About this task:
Among the entries below, one stretch runs from the line that contains "x y /\ ~ Y x y." through the line that contains "(forall x y, c x y -> c' (f x) (f y)) ->". Repeat that stretch exactly, ends included, and only that.

Records for this task:
Definition prod_op (T : Type) (n : nat) (t : nat -> T -> T -> T -> T)
  (h : nat) (p q r : tup T) : tup T :=
  Tup (Lr_op n h (c1 p) (c1 q) (c1 r)) (Lr_op n h (c2 p) (c2 q) (c2 r))
      (Lr_op n h (c3 p) (c3 q) (c3 r)) (t h (c4 p) (c4 q) (c4 r)).

Definition inB (T : Type) (a d : T) (p : tup T) : Prop :=
  (c2 p = ord0 /\ c4 p = a) \/ (c1 p = ord0 /\ c2 p = ord0) \/
  (c1 p = ord0 /\ c4 p = d) \/ c3 p = ord0.

From mathcomp Require Import all_boot zify.
From Stdlib Require Import Classical.
Set Implicit Arguments. Unset Strict Implicit. Unset Printing Implicit Defensive.

(* Given a beta b (alpha gamma) c beta d with (a, d) in alpha but not in
   chi(alpha, beta, gamma), take on B = B(a, d) the congruences
     alpha_B = all x all x (=) x alpha,
     beta_B  = ker(k |-> k/2) x ker(k |-> k/2) x all x beta,
     gamma_B = ker(1 ~ 2) x ker(1 ~ 2) x (=) x gamma
   restricted to B, where [all] is the total relation; kernels of monotone
   maps of chains are congruences of C_k^r, and B is closed under the product
   operations.  The pair
   (3,0,1,a), (0,3,1,d) lies in the left-hand side through (2,1,0,b) and
   (1,2,0,c).  A gamma o alpha beta o gamma path leaving (3,0,1,a) keeps the
   first coordinate nonzero and the third equal to 1, and every such element
   of B has fourth coordinate a; symmetrically next to (0,3,1,d).  So the
   middle factor of any chain on the right-hand side projects onto a pair in
   chi(alpha, beta, gamma) joining a to d. *)

Lemma not_rsub_exists (U : Type) (X Y : relP U) :
  ~ rsub X Y -> exists x y, X x y /\ ~ Y x y.
Proof.
move=> nXY; apply: NNPP => noXY; apply: nXY => x y Xxy.
by apply: NNPP => nYxy; apply: noXY; exists x, y.
Qed.

Lemma cterm_eval_map (U V : Type) (f : U -> V) (a b c : relP U) (a' b' c' : relP V) :
  (forall x y, a x y -> a' (f x) (f y)) -> (forall x y, b x y -> b' (f x) (f y)) ->
  (forall x y, c x y -> c' (f x) (f y)) ->
  forall chi x y, cterm_eval a b c chi x y -> cterm_eval a' b' c' chi (f x) (f y).
Proof.
move=> fa fb fc; elim=> [| | |t1 IH1 t2 IH2|t1 IH1 t2 IH2] x y //=; auto.
- by case=> z [xz zy]; exists (f z); auto.
- by case; split; auto.
Qed.

Lemma altcS (U : Type) (X Y : relP U) k x z :
  altc X Y k.+1 x z <-> rcomp X (altc Y X k) x z.
Proof.
case: k => [|k] //=; split=> [Xxz|[y [Xxy <-]]] //.
by exists z.
Qed.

Solution for this exercise:
  ~ rsub X Y -> exists x y, X x y /\ ~ Y x y.
Proof.
move=> nXY; apply: NNPP => noXY; apply: nXY => x y Xxy.
by apply: NNPP => nYxy; apply: noXY; exists x, y.
Qed.

Lemma cterm_eval_map (U V : Type) (f : U -> V) (a b c : relP U) (a' b' c' : relP V) :
  (forall x y, a x y -> a' (f x) (f y)) -> (forall x y, b x y -> b' (f x) (f y)) ->
  (forall x y, c x y -> c' (f x) (f y)) ->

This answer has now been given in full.